Immunostaining for neuronal and glial markers confirmed that tfLC3 expression was restricted to neurons. Whereas 97.3% of the RBFOX3/NeuN-positive neurons were labeled by tfLC3 in the cortex (Figure 3A), none of the GFAP-positive astrocytes or IBA1-positive microglia exhibited tfLC3 fluorescence. The same specificity pattern was seen throughout the brain (such as hippocampus, thalamus, striatum), establishing therefore that expression of the tfLC3 construct is strictly neuron specific.

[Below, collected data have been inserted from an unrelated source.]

(* lowest common ancestor of a (nonempty) set L; default r if none *)
Definition is_lca (L : {set V}) (w : V) : bool :=
  [forall x in L, anc w x] &&
  [forall w', [forall x in L, anc w' x] ==> anc w' w].

Definition lca (L : {set V}) : V := odflt r [pick w | is_lca L w].

Definition usym (a b : V) : bool := ch a b || ch b a.

Definition dist (x y : V) : nat :=
  find (fun n => [exists t : n.-tuple V, path usym x t && (last x t == y)])
       (iota 0 #|V|).
End Phylo.

Section Reconc.
Variables VP VH : finType.
Variables (chP : rel VP) (rP : VP) (chH : rel VH) (rH : VH).
Variable phi : VP -> VH.   (* only its values on L(P) matter *)

Definition is_reconc (psi : VP -> VH) : Prop :=
  (forall x, is_leaf chP x -> psi x = phi x) /\
  (forall v v', chP v v' -> anc chH (psi v) (psi v')).

Definition mlca (v : VP) : VH :=
  lca chH rH [set phi x | x in [pred x | is_leaf chP x && anc chP v x]].

Definition Aset (v : VP) : pred VH := fun w => anc chH w (mlca v).

Definition up_op (psi psi' : VP -> VH) (w : VP) : Prop :=
  is_reconc psi /\ psi w != rH /\
  (forall pw, chP pw w -> psi w != psi pw) /\
  exists p, [/\ chH p (psi w), psi' w = p & forall v, v != w -> psi' v = psi v].

Definition down_op (psi psi' : VP -> VH) (w : VP) : Prop :=
  is_reconc psi /\ ~~ is_leaf chP w /\
  (psi w != mlca w /\ anc chH (psi w) (mlca w)) /\
  (forall v', chP w v' -> psi w != psi v') /\
  exists c, [/\ chH (psi w) c, Aset w c, psi' w = c &
                forall v, v != w -> psi' v = psi v].

Definition edit_step (psi psi' : VP -> VH) : Prop :=
  exists w, up_op psi psi' w \/ down_op psi psi' w.

Fixpoint edit_reach (n : nat) (psi psi' : VP -> VH) : Prop :=
  match n with
  | 0 => psi =1 psi'
  | k.+1 => exists psi1, edit_step psi psi1 /\ edit_reach k psi1 psi'
  end.

Definition is_edit_dist (psi psi' : VP -> VH) (k : nat) : Prop :=
  edit_reach k psi psi' /\ forall n, edit_reach n psi psi' -> k <= n.
Lemma convex_Derive2_ge0 (f : R -> R) : (forall x, ex_derive f x) ->
  (forall x, ex_derive (Derive f) x) -> convex_R f ->
  forall s, 0 <= Derive (Derive f) s.
Proof.
  intros Hf1 Hf2 Hconv s.
  destruct (Rle_or_lt 0 (Derive (Derive f) s)) as [|Hneg]; [assumption|exfalso].
  destruct (is_derive_neg_locally_decreasing (Derive f) s _ (Derive_correct _ _ (Hf2 s)) Hneg)
    as [d [Hd Hdecr]].
  set (phi := fun h => f (s + h) + f (s - h) - 2 * f s).
  set (dphi := fun h => Derive f (s + h) - Derive f (s - h)).
  assert (Hphi_ge0 : forall h, 0 <= phi h).
  { intro h. assert (C := Hconv (s + h) (s - h) (1 / 2) ltac:(lra)).
    replace (1 / 2 * (s + h) + (1 - 1 / 2) * (s - h)) with s in C by field.
    unfold phi. lra. }
  assert (Hdphi : forall h, is_derive phi h (dphi h)).
  { intro h. unfold phi, dphi. auto_derive.
    - repeat split; apply Hf1.
    - change (Derive (fun x => f x)) with (Derive f).
      replace (s + - h) with (s - h) by ring. ring. }
  assert (Hdphi_neg : forall h, 0 < h < d -> dphi h < 0).
  { intros h Hh. specialize (Hdecr h Hh). unfold dphi. lra. }
  set (h := d / 2).
  assert (Hhalf : phi (h / 2) <= phi 0).
  { apply (nonincreasing_of_derive_le0 phi dphi); [unfold h; lra|intros; apply Hdphi|].
    intros t Ht. destruct (Req_dec t 0) as [->|Ht0].
    - unfold dphi. replace (s + 0) with (s - 0) by ring. lra.
    - apply Rlt_le, Hdphi_neg. unfold h in *; lra. }
  destruct (MVT_segment phi dphi (h / 2) h) as [c [Hc E]];
    [unfold h; lra|intros; apply Hdphi|].
  assert (dphi c < 0) by (apply Hdphi_neg; unfold h in *; lra).
  assert (phi 0 = 0) by (unfold phi; rewrite Rplus_0_r, Rminus_0_r; ring).
  specialize (Hphi_ge0 h). unfold h in *. nra.
Qed.

Lemma is_derive_RInt_interior (c : R -> R) a b t0 :
  (forall t, a < t < b -> continuous c t) -> a < t0 < b ->
  forall t, a < t < b -> is_derive (RInt c t0) t (c t).
Proof.
  intros Hc Ht0 t Ht. apply (is_derive_RInt c (RInt c t0) t0 t); [|now apply Hc].
  assert (He : 0 < Rmin (t - a) (b - t)) by (apply Rmin_glb_lt; lra).
  exists (mkposreal _ He). intros u Hu. change (Rabs (u - t) < Rmin (t - a) (b - t)) in Hu.
  pose proof (Rmin_l (t - a) (b - t)). pose proof (Rmin_r (t - a) (b - t)).
  apply Rabs_def2 in Hu.
  apply (@RInt_correct R_CompleteNormedModule), (@ex_RInt_continuous R_CompleteNormedModule).
  intros v Hv. apply Hc. split.
  - apply Rlt_le_trans with (Rmin t0 u); [apply Rmin_glb_lt|]; lra.
  - apply Rle_lt_trans with (Rmax t0 u); [|apply Rmax_lub_lt]; lra.
Qed.

(* Integrating factor: [exp (RInt c t0 t) * w t] is nondecreasing, so [w] has the
   sign of [t - t0] once it vanishes at [t0]. *)
Lemma linear_diff_ineq_sign (w c : R -> R) a b t0 :
  (forall t, a < t < b -> continuous c t) ->
  (forall t, a < t < b -> ex_derive w t /\ 0 <= Derive w t + c t * w t) ->
  a < t0 < b -> w t0 = 0 ->
  forall t, a < t < b -> (t0 <= t -> 0 <= w t) /\ (t <= t0 -> w t <= 0).
Proof.
  intros Hc Hw Ht0 Hw0.
  set (g := fun t => exp (RInt c t0 t) * w t).
  set (dg := fun t => exp (RInt c t0 t) * (Derive w t + c t * w t)).
  assert (Hdg : forall t, a < t < b -> is_derive g t (dg t)).
  { intros t Ht. unfold g, dg. evar_last.
    { apply (is_derive_mult (fun t => exp (RInt c t0 t)) w).
      - apply (is_derive_comp exp (RInt c t0)); [apply is_derive_exp|].
        now apply (is_derive_RInt_interior c a b).
      - apply Derive_correct, Hw, Ht.
      - intros; apply Rmult_comm. }
    simpl. unfold plus, mult, scal; simpl. unfold mult; simpl. ring. }
  assert (Hdg_ge0 : forall t, a < t < b -> 0 <= dg t).
  { intros t Ht. apply Rmult_le_pos; [apply Rlt_le, exp_pos|apply Hw, Ht]. }
  assert (Hg0 : g t0 = 0) by (unfold g; rewrite Hw0; ring).
  intros t Ht. pose proof (exp_pos (RInt c t0 t)).
  split; intro Hle.
  - assert (g t0 <= g t).
    { apply (nondecreasing_of_derive_ge0 g dg); [lra| |];
        intros u Hu; [apply Hdg|apply Hdg_ge0]; lra. }
    unfold g in *. nra.
  - assert (g t <= g t0).
    { apply (nondecreasing_of_derive_ge0 g dg); [lra| |];
        intros u Hu; [apply Hdg|apply Hdg_ge0]; lra. }
    unfold g in *. nra.
Qed.

Lemma Rabs_le_norm2 x : Rabs (fst x) <= norm2 x /\ Rabs (snd x) <= norm2 x.
Proof.
  unfold norm2. split; rewrite <- sqrt_Rsqr_abs; apply sqrt_le_1_alt;
    unfold Rsqr; nra.
Qed.

Lemma norm2_scale l x : 0 <= l -> norm2 (l * fst x, l * snd x) = l * norm2 x.
Proof.
  intros Hl. unfold norm2; simpl.
  replace (l * fst x * (l * fst x * 1) + l * snd x * (l * snd x * 1))
    with (l ^ 2 * (fst x * (fst x * 1) + snd x * (snd x * 1))) by ring.
  rewrite sqrt_mult_alt by apply pow2_ge_0. now rewrite sqrt_pow2.
Qed.

(* Rescaling [x0] moves it by at most [|t - |x0||] in each coordinate, so an open
   set around [x0] contains points of every nearby norm [t]. *)
Lemma radial_local_max (U : R * R -> Prop) (F : R -> R) x0 :
  open U -> U x0 -> 0 < norm2 x0 ->
  (forall x, U x -> F (norm2 x) <= F (norm2 x0)) ->
  exists d, 0 < d /\ forall t, Rabs (t - norm2 x0) < d -> F t <= F (norm2 x0).
Proof.
  intros HU Hx0 Hpos Hmax.
  destruct (HU x0 Hx0) as [eps Heps]. pose proof (cond_pos eps).
  set (R0 := norm2 x0) in *.
  exists (Rmin eps R0). split; [apply Rmin_glb_lt; lra|]. intros t Ht.
  pose proof (Rmin_l eps R0). pose proof (Rmin_r eps R0).
  assert (Htpos : 0 < t) by (apply Rabs_def2 in Ht; lra).
  set (l := t / R0).
  assert (Hl : 0 < l) by (unfold l; apply Rdiv_lt_0_compat; lra).
  assert (Hmove : forall u, Rabs u <= R0 -> Rabs (l * u - u) < eps).
  { intros u Hu.
    replace (l * u - u) with ((t - R0) * (u / R0)) by (unfold l; field; lra).
    rewrite Rabs_mult, Rabs_div, (Rabs_pos_eq R0) by lra.
    assert (Rabs u / R0 <= 1) by (apply (proj1 (Rdiv_le_1 _ _ Hpos)), Hu).
    pose proof (Rabs_pos (t - R0)). pose proof (Rabs_pos u). nra. }
  destruct (Rabs_le_norm2 x0) as [Hfst Hsnd].
  assert (Hnorm : norm2 (l * fst x0, l * snd x0) = t).
  { rewrite norm2_scale by lra. fold R0. unfold l. field. lra. }
  rewrite <- Hnorm.
  apply Hmax, Heps. split; apply Hmove; assumption.
Qed.

Lemma zprime_identity m x a a1 b k : x <> 0 ->
  x * a1 + k * b * (x * a1 * b + a * (m * a - b)) = m * b - a ->
  a * a1 + b * ((m * a - b) / x) + a * b * k * (a1 * b + a * ((m * a - b) / x))
  = (2 * m * a * b - a ^ 2 - b ^ 2) / x.
Proof.
  intros Hx Hode.
  transitivity ((a * (x * a1 + k * b * (x * a1 * b + a * (m * a - b))) + b * (m * a - b)) / x).
  - field. exact Hx.
  - rewrite Hode. field. exact Hx.
Qed.

(* Solving the equation for [a1] turns the left-hand side into
   [2 ((a - m b)^2 + k (m^2 - 1) (a b)^2 + (1 + k b^2) (m a - b)^2) / (x (1 + k b^2))]. *)
Lemma wprime_ineq_algebra m x a a1 b k : 0 < x -> 0 <= k -> 1 <= m ->
  x * a1 + k * b * (x * a1 * b + a * (m * a - b)) = m * b - a ->
  0 <= 2 * m * (a1 * b + a * ((m * a - b) / x)) - 2 * a * a1 - 2 * b * ((m * a - b) / x)
       + 2 * k * m * a * b / (x * (1 + k * b ^ 2)) * (2 * m * a * b - a ^ 2 - b ^ 2).
Proof.
  intros Hx Hk Hm Hode.
  assert (Hq : 0 < 1 + k * b ^ 2) by nra.
  assert (Ha1 : a1 = (m * b - a - k * a * b * (m * a - b)) / (x * (1 + k * b ^ 2))).
  { replace (m * b - a - k * a * b * (m * a - b)) with (a1 * (x * (1 + k * b ^ 2)))
      by (rewrite <- Hode; ring).
    field. split; lra. }
  subst a1.
  match goal with |- 0 <= ?e =>
    replace e with (2 * ((a - m * b) ^ 2 + k * (m ^ 2 - 1) * (a * b) ^ 2
                         + (1 + k * b ^ 2) * (m * a - b) ^ 2) / (x * (1 + k * b ^ 2)))
      by (field; split; lra) end.
  apply Rdiv_le_0_compat; [|nra].
  pose proof (pow2_ge_0 (a - m * b)). pose proof (pow2_ge_0 (m * a - b)).
  assert (0 <= k * (m ^ 2 - 1) * (a * b) ^ 2).
  { apply Rmult_le_pos; [apply Rmult_le_pos; nra|apply pow2_ge_0]. }
  nra.
Qed.

(* [angular M r x = M r / x] is the angular part of [∇u]: [d = r' * angular] and
   [z = (r'^2 + angular^2) / 2 + f d]. *)
Definition angular (M : nat) (r : R -> R) (x : R) : R := INR M * r x / x.

Definition wfun (M : nat) (r : R -> R) (x : R) : R :=
  2 * INR M * Derive r x * angular M r x - Derive r x ^ 2 - angular M r x ^ 2.

(* The coefficient for which [w' + c w] becomes a sum of squares (wprime_ineq_algebra). *)
Definition cfun (M : nat) (rho r : R -> R) (x : R) : R :=
  2 * Derive (Derive rho) (dfun M r x) * INR M * Derive r x * angular M r x
  / (x * (1 + Derive (Derive rho) (dfun M r x) * angular M r x ^ 2)).

Lemma dfun_angular M r x : dfun M r x = Derive r x * angular M r x.
Proof. unfold dfun, angular, Rdiv. ring. Qed.

Lemma zfun_angular M rho r x : x <> 0 ->
  zfun M rho r x = Derive r x ^ 2 / 2 + angular M r x ^ 2 / 2 + ffun rho (dfun M r x).
Proof. intros Hx. unfold zfun, angular. field. exact Hx. Qed.

Lemma is_derive_ffun rho s : ex_derive rho s -> ex_derive (Derive rho) s ->
  is_derive (ffun rho) s (s * Derive (Derive rho) s).
Proof.
  intros H1 H2. unfold ffun. auto_derive.
  - repeat split; assumption.
  - change (Derive (fun x => rho x)) with (Derive rho).
    change (Derive (fun x => Derive rho x)) with (Derive (Derive rho)). ring.
Qed.

Section RadialEnergy.

Variables (M : nat) (rho r : R -> R).
Hypothesis M_ge1 : (1 <= M)%nat.
Hypothesis rho_smooth : smooth_R rho.
Hypothesis rho2_ge0 : forall s, 0 <= Derive (Derive rho) s.
Hypothesis r_smooth : forall n x, 0 < x < 1 -> ex_derive_n r n x.
Hypothesis r_ode : forall x, 0 < x < 1 ->
  Lop M r x = INR M * Derive_n rho 2 (dfun M r x) * Derive (dfun M r) x * r x.

Lemma is_derive_angular x : 0 < x < 1 ->
  is_derive (angular M r) x ((INR M * Derive r x - angular M r x) / x).
Proof.
  intros Hx. unfold angular. auto_derive.
  - split; [exact (r_smooth 1 x Hx)|split; [lra|exact I]].
  - change (Derive (fun t => r t) x) with (Derive r x). field. lra.
Qed.

Lemma is_derive_dfun x : 0 < x < 1 ->
  is_derive (dfun M r) x (Derive (Derive r) x * angular M r x
                          + Derive r x * ((INR M * Derive r x - angular M r x) / x)).
Proof.
  intros Hx.
  apply (is_derive_ext (fun t => Derive r t * angular M r t)); [intro t; symmetry; apply dfun_angular|].
  evar_last.
  { apply (is_derive_mult (Derive r) (angular M r)).
    - apply Derive_correct, (r_smooth 2 x Hx).
    - apply is_derive_angular, Hx.
    - intros; apply Rmult_comm. }
  simpl. unfold plus, mult; simpl. ring.
Qed.

Lemma ode_angular x : 0 < x < 1 ->
  x * Derive (Derive r) x + Derive (Derive rho) (dfun M r x) * angular M r x
    * (x * Derive (Derive r) x * angular M r x
       + Derive r x * (INR M * Derive r x - angular M r x))
  = INR M * angular M r x - Derive r x.
Proof.
  intros Hx.
  assert (Hm : INR M <> 0) by (apply not_0_INR; lia).
  pose proof (r_ode x Hx) as Hode. unfold Lop in Hode.
  rewrite (is_derive_unique _ _ _ (is_derive_dfun x Hx)) in Hode.
  change (Derive_n rho 2) with (Derive (Derive rho)) in Hode.
  set (k := Derive (Derive rho) (dfun M r x)) in *.
  set (a := Derive r x) in *. set (a1 := Derive (Derive r) x) in *.
  set (d1 := a1 * angular M r x + a * ((INR M * a - angular M r x) / x)) in *.
  replace (k * angular M r x * (x * a1 * angular M r x + a * (INR M * a - angular M r x)))
    with (INR M * k * d1 * r x) by (unfold d1, angular; field; lra).
  rewrite <- Hode. unfold angular. field. lra.
Qed.

Lemma is_derive_zfun x : 0 < x < 1 -> is_derive (zfun M rho r) x (wfun M r x / x).
Proof.
  intros Hx.
  apply (is_derive_ext_loc
           (fun t => Derive r t ^ 2 / 2 + angular M r t ^ 2 / 2 + ffun rho (dfun M r t))).
  { apply (filter_imp (fun t => 0 < t)); [intros t Ht; symmetry; apply zfun_angular; lra|].
    apply open_gt. lra. }
  auto_derive.
  - repeat split.
    + exact (r_smooth 2 x Hx).
    + eexists; apply is_derive_angular, Hx.
    + eexists; apply is_derive_ffun; [exact (rho_smooth 1%nat _)|exact (rho_smooth 2%nat _)].
    + eexists; apply is_derive_dfun, Hx.
  - change (Derive (fun t => Derive r t)) with (Derive (Derive r)).
    change (Derive (fun t => angular M r t)) with (Derive (angular M r)).
    change (Derive (fun t => dfun M r t)) with (Derive (dfun M r)).
    change (Derive (fun t => ffun rho t)) with (Derive (ffun rho)).
    rewrite (is_derive_unique _ _ _ (is_derive_angular x Hx)),
      (is_derive_unique _ _ _ (is_derive_dfun x Hx)),
      (is_derive_unique _ _ _ (is_derive_ffun rho _ (rho_smooth 1%nat _) (rho_smooth 2%nat _))).
    assert (Hx0 : x <> 0) by lra.
    unfold wfun. rewrite <- (zprime_identity _ _ _ _ _ _ Hx0 (ode_angular x Hx)).
    rewrite dfun_angular. field. exact Hx0.
Qed.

We were able to distinguish AL compartments in different stages of maturation from APs by probing TRGL6 mouse brain sections with a third fluorescent label (far red wavelength, visualized with blue color) to identify compartments enriched in the lysosomal membrane markers LAMP2 or CTSD. As predicted, red tfLC3-positive compartments invariably contained LAMP2 or CTSD, generating a purple color (Figure 3B) identifying them unequivocally as ALs in the brain. Notably, neuronal perikarya also contained a population of blue LAMP2- or CTSD-positive compartments (0.2 ~ 1 μm diameter range) lacking LC3 substrate, which correspond to late endosomes or lysosomes that either have completely digested their autophagic cargoes or are not engaged in autophagy [23].

Figure 3.

Figure 3.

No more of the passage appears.